The shift toward Indigenous Peoples’ Day reflects a growing awareness of historical injustice and a rejection of whitewashed history. It honors the first inhabitants of the Americas and acknowledges their enduring contributions to humanity, spirituality, and ecological wisdom. It also calls for repentance and reconciliation for the centuries of violence inflicted by European colonization.

Columbus’s voyages cannot be separated from their consequences — the destruction of Indigenous cultures, the theft of land, and the enslavement of Africans. His story symbolizes the birth of a global system of exploitation that shaped modern capitalism and racial hierarchies. Celebrating him, therefore, is not a tribute to exploration but a denial of historical truth.

Many historians now argue that Columbus should be remembered, not revered. His actions and their aftermath belong in the history books as a warning against the dangers of greed and ethnocentrism, not as a model of heroism. The celebration of Columbus Day perpetuates myths that distort the origins of the Americas and obscure the suffering of millions.
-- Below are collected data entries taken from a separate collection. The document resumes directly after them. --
(* Greedy is optimal as soon as adding any coin raises the greedy count by at
   most one, since greedy is then bounded along every representation.  For
   C = (1, a, 2a, b, a + b, 2b), reducing modulo 2b and splitting [0, 2b) at b
   and a + b reduces this to a few cases about the greedy count g of
   (1, a, 2a), which is itself of this kind and therefore subadditive.  The only
   case needing more is  y + 2a - b <= g y  for  b - 2a <= y < b - a; it follows
   from grd C (l (2a)) <= l by subadditivity of g at y + (l (2a) - (a + b)).
   Without the coin 2b, greedy pays at least three coins for 2b = b + b. *)

From mathcomp Require Import all_boot zify.

Set Implicit Arguments.
Unset Strict Implicit.
Unset Printing Implicit Defensive.

Lemma grd_rcons C c w : grd (rcons C c) w = w %/ c + grd C (w %% c).
Proof. by rewrite /grd rev_rcons. Qed.

Lemma grd_rcons_euclid C c q r :
  r < c -> grd (rcons C c) (q * c + r) = q + grd C r.
Proof.
move=> r_lt; have c_gt0 : 0 < c by lia.
by rewrite grd_rcons divnMDl // modnMDl divn_small // modn_small ?addn0.
Qed.

Lemma grd_rcons_small C c r : r < c -> grd (rcons C c) r = grd C r.
Proof. by move=> r_lt; rewrite -[r]add0n -(mul0n c) grd_rcons_euclid. Qed.

Lemma grd_rcons_shift C c k w :
  0 < c -> grd (rcons C c) (k * c + w) = k + grd (rcons C c) w.
Proof.
move=> c_gt0; rewrite !grd_rcons divnMDl // modnMDl; lia.
Qed.

Lemma grd0 C : grd C 0 = 0.
Proof. by rewrite /grd; elim: (rev C) => //= c s; rewrite div0n mod0n => ->. Qed.

Lemma grd1 w : grd [:: 1] w = w.
Proof. by rewrite /grd /= divn1 addn0. Qed.

Definition coin_lipschitz (f : nat -> nat) (C : seq nat) :=
  forall w c, c \in C -> f (w + c) <= (f w).+1.

Lemma add_mul_coin_le f c :
  (forall w, f (w + c) <= (f w).+1) -> forall w k, f (w + k * c) <= f w + k.
Proof.
move=> fc w; elim=> [|k IHk]; first by rewrite mul0n !addn0.
by rewrite mulSnr addnA (leq_trans (fc _)) // addnS ltnS.
Qed.

Lemma coin_lipschitz_add_grd f C :
  coin_lipschitz f (1 :: C) -> forall w v, f (w + v) <= f w + grd (1 :: C) v.
Proof.
elim/last_ind: C => [|C c IHC] fL w v.
  by rewrite grd1 -{1}[v]muln1; apply: add_mul_coin_le => u; apply: fL; rewrite inE.
have fLC : coin_lipschitz f (1 :: C).
  by move=> u d dC; apply: fL; rewrite -rcons_cons mem_rcons inE dC orbT.
have fc u : f (u + c) <= (f u).+1 by apply: fL; rewrite -rcons_cons mem_rcons inE eqxx.
rewrite -rcons_cons grd_rcons {1}(divn_eq v c) [_ * c + _]addnC addnA.
have := IHC fLC w (v %% c); have := add_mul_coin_le fc (w + v %% c) (v %/ c); lia.
Qed.

Lemma sumn_nth s : sumn s = \sum_(i < size s) nth 0 s i.
Proof. by rewrite sumnE (big_nth 0) big_mkord. Qed.
(* For every integer $m\ge1$, $$\sum_{i=0}^{\lfloor (m-1)/2\rfloor}(-1)^i\binom{2m}{m-1-2i}=\sum_{k=0}^{m-1}2^{m-1-k}\binom{2k}{k}.$$ *)

From HB Require Import structures.
From mathcomp Require Import all_boot all_order all_algebra.

From HB Require Import structures.
From mathcomp Require Import all_boot all_order all_algebra zify ring.
Import GRing.Theory Num.Theory.

(* Let [a m] be the alternating sum on the left.  Applying Pascal's rule twice
   to [C(2m+2, m-1-2i)] writes [a (m+1)] as [2 a m] plus an alternating sum of
   consecutive pairs [C(2m, m-2i) + C(2m, m-2i-2)], which telescopes to the
   central coefficient [C(2m, m)].  The right-hand side obeys the same
   recurrence [s (m+1) = 2 s m + C(2m, m)] and both vanish at [m = 0]. *)

(* [C(2m, m - d)], made [0] once [d > m] instead of truncating [m - d] to 0. *)
Definition bin_below_centre (m d : nat) : nat :=
  if (d <= m)%N then 'C(2 * m, m - d) else 0.

Lemma bin_below_centre_in m d : (d <= m)%N -> bin_below_centre m d = 'C(2 * m, m - d).
Proof. by rewrite /bin_below_centre => ->. Qed.

Lemma bin_below_centre_out m d : (m < d)%N -> bin_below_centre m d = 0.
Proof. by rewrite /bin_below_centre ltnNge => /negbTE ->. Qed.

Lemma binSS n k : 'C(n.+2, k.+2) = 'C(n, k.+2) + 2 * 'C(n, k.+1) + 'C(n, k).
Proof. by rewrite !binS; lia. Qed.

Lemma bin_below_centreS m d :
  bin_below_centre m.+1 d.+1 =
    bin_below_centre m d + 2 * bin_below_centre m d.+1 + bin_below_centre m d.+2.
Proof.
have [lt_md | le_dm] := ltnP m d.
  by rewrite !bin_below_centre_out // ltnW // ltnW.
have [j ->] : exists j, m = (j + d)%N by exists (m - d)%N; rewrite subnK.
have two_mS n : (2 * n.+1 = (2 * n).+2)%N by rewrite mulnS.
rewrite (@bin_below_centre_in _ d.+1) ?ltnS ?leq_addl // (@bin_below_centre_in _ d) ?leq_addl //.
rewrite subSS addnK two_mS.
case: j => [|[|j]].
- by rewrite add0n !bin_below_centre_out ?ltnS ?leqnSn // !bin0.
- rewrite add1n bin_below_centre_in // bin_below_centre_out // subnn.
  by rewrite !binS !bin0; lia.
- rewrite !bin_below_centre_in; [|lia..].
  by rewrite !subnS addnK binSS.
Qed.

Local Open Scope ring_scope.

Lemma sum_alternating_pairs (R : pzRingType) (f : nat -> R) n :
  \sum_(0 <= i < n) (-1) ^+ i * (f i + f i.+1) = f 0%N - (-1) ^+ n * f n.
Proof.
rewrite -[f 0%N]mul1r -(expr0 (-1 : R)) -opprB.
rewrite -(telescope_sumr (fun k => (-1) ^+ k * f k) (leq0n n)) -sumrN.
by apply: eq_bigr => i _; rewrite exprS mulN1r mulNr opprB opprK mulrDr.
Qed.

Definition alt_bin_sum (m : nat) : int :=
  \sum_(0 <= i < m) (-1) ^+ i * (bin_below_centre m (2 * i).+1)%:Z.

Lemma alt_bin_sumS m : alt_bin_sum m.+1 = 2 * alt_bin_sum m + ('C(2 * m, m))%:Z.
Proof.
pose e i : int := (bin_below_centre m (2 * i))%:Z.
have pascal i : (bin_below_centre m.+1 (2 * i).+1)%:Z
    = e i + e i.+1 + 2 * (bin_below_centre m (2 * i).+1)%:Z.
  by rewrite bin_below_centreS /e mulnS add2n !PoszD; ring.
rewrite /alt_bin_sum; under eq_bigr => i _ do rewrite pascal mulrDr.
rewrite big_split /= sum_alternating_pairs mulr_sumr big_nat_recr //=.
have -> : e m.+1 = 0 by rewrite /e bin_below_centre_out //; lia.
rewrite bin_below_centre_out; last by lia.
rewrite /e muln0 bin_below_centre_in // subn0 !mulr0 subr0 addr0 addrC.
by congr (_ + _); apply: eq_bigr => i _; rewrite mulrCA.
Qed.

Definition central_bin_weighted_sum (m : nat) : int :=
  \sum_(0 <= k < m) (2 ^ (m - 1 - k) * 'C(2 * k, k))%:Z.

Lemma central_bin_weighted_sumS m :
  central_bin_weighted_sum m.+1 = 2 * central_bin_weighted_sum m + ('C(2 * m, m))%:Z.
Proof.
rewrite /central_bin_weighted_sum big_nat_recr //= subSS subn0 subnn mul1n.
congr (_ + _); rewrite mulr_sumr; apply: eq_big_nat => k /andP [_ lt_km].
by rewrite (_ : m - k = (m - 1 - k).+1)%N ?expnS -?mulnA ?PoszM //; lia.
Qed.

Lemma alt_bin_sumE m : alt_bin_sum m = central_bin_weighted_sum m.
Proof.
elim: m => [|m IHm]; first by rewrite /alt_bin_sum /central_bin_weighted_sum !big_geq.
by rewrite alt_bin_sumS central_bin_weighted_sumS IHm.
Qed.

Theorem mainTheorem8 (m : nat) (hm : (1 <= m)%N) :
  \sum_(0 <= i < ((m - 1)./2).+1) (-1) ^+ i * ('C(2 * m, m - 1 - 2 * i))%:Z
  = \sum_(0 <= k < m) (2 ^ (m - 1 - k) * 'C(2 * k, k))%:Z.
Proof.
rewrite -/(central_bin_weighted_sum m) -alt_bin_sumE /alt_bin_sum.
have le_half_m : (((m - 1)./2).+1 <= m)%N by rewrite -divn2; lia.
have tail_vanishes : \sum_(((m - 1)./2).+1 <= i < m)
    (-1) ^+ i * (bin_below_centre m (2 * i).+1)%:Z = 0.
  rewrite big_nat_cond big1 // => i /andP [/andP [lt_half_i _] _].
  by rewrite bin_below_centre_out ?mulr0 //; move: lt_half_i; rewrite -divn2; lia.
rewrite [RHS](big_cat_nat _ le_half_m) //= tail_vanishes addr0.
apply: eq_big_nat => i /andP [_ lt_i_half].
rewrite bin_below_centre_in -?subnDA ?add1n //; move: lt_i_half; rewrite -divn2; lia.
Qed.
For Black people, the connection to Columbus’s legacy is direct and devastating. The European conquest he initiated laid the groundwork for the dehumanization of Africans, justified through false notions of racial superiority. It began a cycle of exploitation that continues to manifest in systemic inequalities today.

True historical education must include both the achievements and atrocities of the past. To celebrate Columbus without acknowledging the cost of his conquests is to dishonor those who perished because of them. It is to endorse the continued erasure of Black and Indigenous histories in favor of colonial pride.

The time has come for America to replace glorification with truth-telling. Recognizing Indigenous Peoples’ Day is not about erasing history — it is about correcting it. It is about lifting up the stories of those who were silenced and acknowledging that the “discovery” of America came at a horrific human price.

Ultimately, the celebration of Columbus Day reflects who society chooses to honor. Will we continue to idolize an oppressor, or will we honor the resilience of those who survived his legacy? The answer to that question defines not only our understanding of history but our commitment to justice and truth.


References (APA Style):
Zinn, H. (1980). A People’s History of the United States. Harper & Row.
Loewen, J. W. (1995). Lies My Teacher Told Me: Everything Your American History Textbook Got Wrong. The New Press.
Dunbar-Ortiz, R. (2014). An Indigenous Peoples’ History of the United States. Beacon Press.
Sale, K. (1990). The Conquest of Paradise: Christopher Columbus and the Columbian Legacy. Alfred A. Knopf.
Churchill, W. (1997). A Little Matter of Genocide: Holocaust and Denial in the Americas, 1492 to the Present. City Lights.